Veinte

 

Hugh pensaba que se había recuperado bien. Se había sumergido en sus obligaciones para con el Club de la Máscara, renunciando a la idea de abandonarlo. Después de cerrar el club por las noches, ¿qué importaba que consumiera demasiado brandy con la intención de conciliar el sueño?

Ignoraba las casi diarias reconvenciones de su madre. No veía a nadie fuera del club. De hecho, rara vez salía de allí. La Temporada florecía sin él. Los preparativos para la coronación del rey producían una cierta expectación, pero… ¿qué tenía eso que ver con él?

Transcurrió una semana entera. Dafne, estaba seguro de ello, había regresado a su residencia campestre, dondequiera que estuviera. Nunca se había molestado en descubrir dónde vivía y a esas alturas carecía de importancia. Por completo.
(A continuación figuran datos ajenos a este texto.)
Lemma ge0_integral_normal_prob (m s : R) (f : R -> \bar R) :
  (forall x, 0 <= f x) -> measurable_fun setT f ->
  \int[normal_prob m s]_x f x = \int[mu]_x (f x * (normal_pdf m s x)%:E).
Proof.
move=> f0 mf; have dom := normal_prob_dominates m s.
rewrite -(Radon_Nikodym_SigmaFinite.change_of_variables dom f0 measurableT mf).
have mpdf : measurable_fun setT (fun x => (normal_pdf m s x)%:E).
  by apply/measurable_EFinP; exact: measurable_normal_pdf.
apply: ae_eq_integral => //.
- apply: emeasurable_funM => //; apply: (measurable_int mu).
  exact: Radon_Nikodym_SigmaFinite.f_integrable.
- exact: emeasurable_funM.
apply: ae_eqe_mul2l; apply: integral_ae_eq => //.
- exact: Radon_Nikodym_SigmaFinite.f_integrable.
- by move=> E _ mE; rewrite -Radon_Nikodym_SigmaFinite.f_integral.
Qed.

End normal_prob_integral.

Section normal_first_absolute_moment.
Context {R : realType}.
Local Notation mu := (@lebesgue_measure R).
Variables (m s : R).
Hypothesis s_gt0 : 0 < s.

Lemma normal_pdf_reflect x : normal_pdf m s (m + m - x) = normal_pdf m s x.
Proof.
by rewrite /normal_pdf gt_eqF// /normal_fun addrAC addrK -opprB sqrrN.
Qed.

Lemma continuous_max0_mul_normal_pdf (f : R -> R) : continuous f ->
  continuous (fun x => Num.max (f x) 0 * normal_pdf m s x).
Proof.
move=> cf x; have cmax : continuous (fun x => Num.max (f x) 0).
  by move=> y; apply: continuous_max; [exact: cf|exact: cst_continuous].
exact: continuousM (cmax x) (@continuous_normal_pdf _ m s (lt0r_neq0 s_gt0) x).
Qed.

Let s2 := Num.sqrt 2 * s.
Let s2_gt0 : 0 < s2. Proof. by rewrite mulr_gt0// sqrtr_gt0. Qed.

Lemma normal_fun_sqrt2 x : normal_fun m s x = normal_fun m s2 x ^+ 2.
Proof.
rewrite /normal_fun -expRM_natr; congr expR.
by rewrite /s2 exprMn sqr_sqrtr//; field; rewrite gt_eqF.
Qed.

Lemma max0_mul_normal_fun_sqrt2_le x : Num.max (x - m) 0 * normal_fun m s2 x <= s.
Proof.
set u := (x - m) ^+ 2 / (s2 ^+ 2 *+ 2).
have u4s2 : u * (s ^+ 2 *+ 4) = (x - m) ^+ 2.
  by rewrite /u /s2 exprMn sqr_sqrtr//; field; rewrite gt_eqF.
have eu_gt0 : 0 < expR u by exact: expR_gt0.
have dev_le : x - m <= s * expR u.
  apply: (le_trans _ (ler_wpM2l (ltW s_gt0) (expR_ge1Dx u))).
  (* x - m <= s + (x - m)^2 / (4 s) by AM-GM *)
  rewrite -subr_ge0 -(pmulr_rge0 _ (_ : 0 < s *+ 4)) ?pmulrn_lgt0//.
  have -> : s *+ 4 * (s * (1 + u) - (x - m)) = (x - m - s *+ 2) ^+ 2 by nra.
  exact: sqr_ge0.
rewrite /normal_fun mulNr -/u expRN ler_pdivrMr// ge_max dev_le andTb.
by rewrite mulr_ge0// ltW.
Qed.

Local Open Scope ereal_scope.

Lemma integral_max0_mul_normal_pdf_lty :
  \int[mu]_x (Num.max (x - m) 0 * normal_pdf m s x)%:E < +oo.
Proof.
pose c := (s * normal_peak s / normal_peak s2)%R.
have peak_gt0 : (0 < normal_peak s2)%R by rewrite normal_peak_gt0// gt_eqF.
have c_ge0 : (0 <= c)%R by rewrite divr_ge0 ?mulr_ge0 ?normal_peak_ge0// ltW.
have cg : continuous (fun x => Num.max (x - m) 0 * normal_pdf m s x)%R.
  apply: continuous_max0_mul_normal_pdf => x.
  by apply: cvgB; [exact: cvg_id|exact: cvg_cst].
apply: (@le_lt_trans _ _ (\int[mu]_x (c%:E * (normal_pdf m s2 x)%:E))).
  apply: ge0_le_integral => //.
  - by move=> x _; rewrite lee_fin mulr_ge0 ?le_max ?lexx ?orbT ?normal_pdf_ge0.
  - by apply/measurable_EFinP; exact: continuous_measurable_fun.
  - apply: emeasurable_funM => //.
    by apply/measurable_EFinP; exact: measurable_normal_pdf.
  move=> x _; rewrite -EFinM lee_fin /normal_pdf !gt_eqF// normal_fun_sqrt2.
  set f := normal_fun m s2 x.
  have -> : (c * (normal_peak s2 * f) = normal_peak s * f * s)%R.
    by rewrite /c; field; rewrite gt_eqF.
  rewrite (_ : (_ * (_ * f ^+ 2) = normal_peak s * f * (Num.max (x - m) 0 * f))%R);
    last by ring.
  rewrite ler_wpM2l ?mulr_ge0 ?normal_peak_ge0 ?normal_fun_ge0//.
  exact: max0_mul_normal_fun_sqrt2_le.
rewrite ge0_integralZl//.
- by rewrite integral_normal_pdf mule1 ltry.
- by apply/measurable_EFinP; exact: measurable_normal_pdf.
- by move=> x _; rewrite lee_fin normal_pdf_ge0.
Qed.

Lemma integral_max0_mul_normal_pdf_sym :
  \int[mu]_x (Num.max (m - x) 0 * normal_pdf m s x)%:E =
  \int[mu]_x (Num.max (x - m) 0 * normal_pdf m s x)%:E.
Proof.
pose g x := (Num.max (m - x) 0 * normal_pdf m s x)%R.
have cg : continuous g.
  apply: continuous_max0_mul_normal_pdf => x.
  by apply: cvgB; [exact: cvg_cst|exact: cvg_id].
have g_ge0 x : (0 <= g x)%R by rewrite mulr_ge0 ?le_max ?lexx ?orbT ?normal_pdf_ge0.
have cgN : continuous (g \o -%R).
  by move=> x; apply: continuous_comp; [exact: oppr_continuous|exact: cg].
rewrite (ge0_integral_opp g cg g_ge0).
rewrite (ge0_integral_shift (g \o -%R) (- (m + m))%R cgN (fun x => g_ge0 _)).
apply: eq_integral => x _; congr EFin; rewrite /g /=.
have -> : (- (x - (m + m)) = m + m - x)%R by rewrite opprB.
have -> : (m - (m + m - x) = x - m)%R by ring.
by rewrite normal_pdf_reflect.
Qed.

End normal_first_absolute_moment.

Section normal_random_variable.
Context {R : realType} {d} {T : measurableType d} {P : probability T R}.
Local Notation mu := (@lebesgue_measure R).
Context (X : {RV P >-> R}) {m s : R}.
Hypotheses (s_gt0 : 0 < s)
  (X_normal : distribution P X = normal_prob m s :> (set R -> \bar R)).

(* [normal_prob m s] is a measure for the Lebesgue sigma-algebra [measurableTypeR R], not for
   the default one on [R]: integrating against the law of [X] needs [X] with that codomain. *)
Let XL : T -> measurableTypeR R := X.
Let measurable_XL : measurable_fun setT XL. Proof. exact: (measurable_funP X). Qed.
HB.instance Definition _ := isMeasurableFun.Build _ _ _ _ XL measurable_XL.

Local Open Scope ereal_scope.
Aquella tarde abrió la puerta del comedor y paseó por la estancia para asegurarse de que todo estuviera en orden para la noche. Había adquirido la costumbre de revisarlo todo dos o tres veces… para ayudar a que los días pasaran más rápidamente. Aquella tarde contempló el pianoforte, elemento ocioso e inútil desde que su hermana dejó de tocar. Contratar a una pianista para aquella sala había sido una buena idea. Mucha gente había acudido a la casa de juego solo por oír tocar a Phillipa. Seguro que habría por ahí otra señorita cantante a la que podría contratar…

Se sentó en el banco del pianoforte y cerró los ojos. Como ya había hecho una vez antes, tocó las notas de El último puesto.

Se volvió y se levantó del banco. Abandonó el comedor mientras se preguntaba si quedaría algo de brandy en la botella que había dejado en el salón.

Antes de que pudiera subir las escaleras, Cummings se le acercó.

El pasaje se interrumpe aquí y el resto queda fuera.